* **PROBLEM TO WORK ON**
Write out the lines from the top of the material through the line with "under eq_bigr => T _ do rewrite inversions_bits.", exactly and with nothing added.

§ §

(* Induction through the q-Pascal rule [qbinomS], using [[n+1]_q = [n-k]_q + q^(n-k) [k+1]_q]. *)
Lemma qbinom_fact n k : (k <= n)%N ->
  qbinom n k * qfact K k * qfact K (n - k) = qfact K n.
Proof.
elim: n k => [|n IH] [|k] le_kn //; rewrite ?qbinom_n0 ?qfact0 ?subn0 ?mul1r //.
have top : qbinom n k.+1 * (qfact K k * qint K k.+1) * qfact K (n - k)
    = qfact K n * qint K (n - k).
  rewrite -qfactS; case: (ltnP k n) => [lt_kn | le_nk].
    by rewrite -[(n - k)%N](subnSK lt_kn) (qfactS (n - k.+1)) mulrA IH.
  have -> : k = n by apply/eqP; rewrite eqn_leq le_nk andbT -ltnS.
  by rewrite qbinom_gt // subnn /qint big_ord0 mulr0 !mul0r.
have qint_split : qint K n.+1 = qint K (n - k) + q ^+ (n - k) * qint K k.+1.
  by rewrite -qint_add addnS subnK.
rewrite subSS qbinomS !qfactS qint_split mulrDr -top -(IH k le_kn); ring.
Qed.

End QAnalogue.

Lemma mulf_div_cancel (F : fieldType) (x y c u v : F) : c * u * v != 0 ->
  x * y / (c * u * v) * c = x / u * (y / v).
Proof.
rewrite !mulf_eq0 !negb_or => /andP[/andP[c_neq0 u_neq0] v_neq0].
by field; rewrite c_neq0 u_neq0 v_neq0.
Qed.

Local Notation asm_of A := (Tagged (fun n => 'M[int]_n) A).

Section Morphisms.
Variable K : fieldType.
Hypothesis charK0 : [pchar K] =i pred0.
Local Notation q := (qvar K).

Lemma sum_q_inversions n k :
  \sum_(T : {set 'I_n} | #|T| == k) q ^+ inversions T = qbinom K n k.
Proof.
under eq_bigl => T do rewrite -count_bits.
under eq_bigr => T _ do rewrite inversions_bits.
exact: (big_bits n _ (fun b => count id b == k) (fun b => q ^+ bit_inversions b)).
Qed.

Lemma sum_q_inversions_shuffle (c : bool) n1 n2 :
  (\sum_(Sh : {set 'I_(n1 + n2)} | #|Sh| == n1) q ^+ inversions (if c then ~: Sh else Sh))
    * qfact K n1 * qfact K n2 = qfact K (n1 + n2).
Proof.
case: c.
  rewrite (reindex_inj (@setC_inj _)) /=.
  have cardC_eq (T : {set 'I_(n1 + n2)}) : (#|~: T| == n1) = (#|T| == n2).
    by apply/eqP/eqP; have := cardsC T; rewrite card_ord; lia.
  under eq_bigl => T do rewrite cardC_eq.
  under eq_bigr => T _ do rewrite setCK.
  by rewrite sum_q_inversions mulrAC -[in qfact K n1](addnK n2 n1) qbinom_fact ?leq_addl.
by rewrite sum_q_inversions -[in qfact K n2](addKn n1 n2) qbinom_fact ?leq_addr.
Qed.

Lemma natr_frac_neq0 m : (0 < m)%N -> (m%:R : ratfun K) != 0.
Proof.
move=> m_gt0; rewrite -(rmorph_nat (@tofrac _)) tofrac_eq0 -(rmorph_nat (@polyC K)) polyC_eq0.
by rewrite ((pcharf0P K).1 charK0 m) -lt0n.
Qed.

Lemma big_shuffles (F : asmT -> ratfun K) n1 n2 (A1 : 'M[int]_n1) (A2 : 'M[int]_n2) :
  \sum_(d <- shuffles (asm_of A1) (asm_of A2)) F d =
  \sum_(Sh : {set 'I_(n1 + n2)} | #|Sh| == n1) F (asm_of (shuffle_mx A1 A2 Sh)).
Proof. by rewrite /shuffles big_map big_enum; apply: eq_bigl => Sh; rewrite inE. Qed.

Definition sign_entry (s : stat_s) : int -> int -> int -> bool :=
  fun v _ _ => v == if s is S_io then -1 else 1.

Lemma stat_of_sE s n (A : 'M[int]_n) : stat_of_s s A = entry_count (sign_entry s) A.
Proof. by case: s. Qed.

Definition zero_side (s : stat_s') : bool * bool :=
  match s with
  | S_ne => (false, false) | S_nw => (true, false)
  | S_se => (false, true) | S_sw => (true, true)
  end.

Lemma stat_of_s'E s n (A : 'M[int]_n) :
  stat_of_s' s A = zero_type (zero_side s).1 (zero_side s).2 A.
Proof. by case: s. Qed.

Section Shuffles.
Variables (n1 n2 : nat) (A1 : 'M[int]_n1) (A2 : 'M[int]_n2).
Hypotheses (asmA1 : is_asm A1) (asmA2 : is_asm A2).

Lemma psi_s_shuffle s :
  \sum_(d <- shuffles (asm_of A1) (asm_of A2)) psi_s_basis K s d =
  psi_s_basis K s (asm_of A1) * psi_s_basis K s (asm_of A2).
Proof.
rewrite big_shuffles /psi_s_basis /=.
under eq_bigr => Sh /eqP cardSh.
  rewrite !stat_of_sE entry_count_shuffle_nonzero //; last by case: s.
over.
rewrite sumr_const (_ : #|_| = 'C(n1 + n2, n1)); last first.
  by rewrite -[in RHS](card_ord (n1 + n2)) -card_draws; apply: eq_card => Sh; rewrite inE.
rewrite -(bin_fact (leq_addr n2 n1)) addKn -[_ *+ _]mulr_natr !natrM exprD !stat_of_sE.
have fact_neq0 m : (m`!%:R : ratfun K) != 0 by apply/natr_frac_neq0/fact_gt0.
have binom_neq0 : ('C(n1 + n2, n1)%:R : ratfun K) != 0.
  by apply: natr_frac_neq0; rewrite bin_gt0 leq_addr.
have denom_neq0 : ('C(n1 + n2, n1)%:R * n1`!%:R * n2`!%:R : ratfun K) != 0 :=
  mulf_neq0 (mulf_neq0 binom_neq0 (fact_neq0 n1)) (fact_neq0 n2).
by rewrite mulrA; exact: (mulf_div_cancel (q ^+ _) (q ^+ _) denom_neq0).
Qed.

Lemma psi_s'_shuffle s :
  \sum_(d <- shuffles (asm_of A1) (asm_of A2)) psi_s'_basis K s d =
  psi_s'_basis K s (asm_of A1) * psi_s'_basis K s (asm_of A2).
Proof.
set c := ((zero_side s).1 == (zero_side s).2).
rewrite big_shuffles /psi_s'_basis /=.
under eq_bigr => Sh /eqP cardSh.
  rewrite !stat_of_s'E zero_type_shuffle // -/c exprD mulrAC.
over.
rewrite -mulr_sumr exprD !stat_of_s'E; set S := \sum_(_ | _) _.
have S_fact : S * qfact K n1 * qfact K n2 = qfact K (n1 + n2) :=
  sum_q_inversions_shuffle c n1 n2.
have denom_neq0 : S * qfact K n1 * qfact K n2 != 0 by rewrite S_fact qfact_neq0.
by rewrite -S_fact; exact: (mulf_div_cancel (q ^+ _) (q ^+ _) denom_neq0).
Qed.

End Shuffles.

Lemma is_alg_morphism_shuffle (f : asmT -> ratfun K) : f asm0 = 1 ->
  (forall n1 n2 (A1 : 'M[int]_n1) (A2 : 'M[int]_n2), is_asm A1 -> is_asm A2 ->
     \sum_(d <- shuffles (asm_of A1) (asm_of A2)) f d = f (asm_of A1) * f (asm_of A2)) ->
  is_alg_morphism f.
Proof.
move=> f0 f_shuffle; split.
  by rewrite /lin_ext /funit big_seq1 f0 mulr1 /cst polyC1 tofrac1.
move=> x y /allP asm_x /allP asm_y.
rewrite /lin_ext /fmul big_flatten /= big_allpairs_dep /= big_distrl /=.
apply: eq_big_seq => -[a [n1 A1]] x_a; rewrite big_distrr /=.
apply: eq_big_seq => -[b [n2 A2]] y_b; rewrite big_map /= -mulr_sumr.
rewrite f_shuffle; [|exact: asm_x _ x_a|exact: asm_y _ y_b].
by rewrite /cst polyCM tofracM; exact: mulrACA.
Qed.

End Morphisms.

Theorem proposition4p5 (K : fieldType) (hK : [pchar K] =i pred0) :
  (forall s : stat_s, is_alg_morphism (psi_s_basis K s)) /\
  (forall s' : stat_s', is_alg_morphism (psi_s'_basis K s')).
Proof.
split=> s; apply: is_alg_morphism_shuffle.
- by rewrite /psi_s_basis /= stat_of_sE entry_count_ord big_ord0 fact0 divr1.
- by move=> n1 n2 A1 A2 asmA1 _; exact: psi_s_shuffle.
- by rewrite /psi_s'_basis /= stat_of_s'E zero_typeE entry_count_ord big_ord0 qfact0 divr1.
- by move=> n1 n2 A1 A2 asmA1 asmA2; exact: psi_s'_shuffle.
Qed.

§ §

* **WORKED SOLUTION**
(* Induction through the q-Pascal rule [qbinomS], using [[n+1]_q = [n-k]_q + q^(n-k) [k+1]_q]. *)
Lemma qbinom_fact n k : (k <= n)%N ->
  qbinom n k * qfact K k * qfact K (n - k) = qfact K n.
Proof.
elim: n k => [|n IH] [|k] le_kn //; rewrite ?qbinom_n0 ?qfact0 ?subn0 ?mul1r //.
have top : qbinom n k.+1 * (qfact K k * qint K k.+1) * qfact K (n - k)
    = qfact K n * qint K (n - k).
  rewrite -qfactS; case: (ltnP k n) => [lt_kn | le_nk].
    by rewrite -[(n - k)%N](subnSK lt_kn) (qfactS (n - k.+1)) mulrA IH.
  have -> : k = n by apply/eqP; rewrite eqn_leq le_nk andbT -ltnS.
  by rewrite qbinom_gt // subnn /qint big_ord0 mulr0 !mul0r.
have qint_split : qint K n.+1 = qint K (n - k) + q ^+ (n - k) * qint K k.+1.
  by rewrite -qint_add addnS subnK.
rewrite subSS qbinomS !qfactS qint_split mulrDr -top -(IH k le_kn); ring.
Qed.

End QAnalogue.

Lemma mulf_div_cancel (F : fieldType) (x y c u v : F) : c * u * v != 0 ->
  x * y / (c * u * v) * c = x / u * (y / v).
Proof.
rewrite !mulf_eq0 !negb_or => /andP[/andP[c_neq0 u_neq0] v_neq0].
by field; rewrite c_neq0 u_neq0 v_neq0.
Qed.

Local Notation asm_of A := (Tagged (fun n => 'M[int]_n) A).

Section Morphisms.
Variable K : fieldType.
Hypothesis charK0 : [pchar K] =i pred0.
Local Notation q := (qvar K).

Lemma sum_q_inversions n k :
  \sum_(T : {set 'I_n} | #|T| == k) q ^+ inversions T = qbinom K n k.
Proof.
under eq_bigl => T do rewrite -count_bits.
under eq_bigr => T _ do rewrite inversions_bits.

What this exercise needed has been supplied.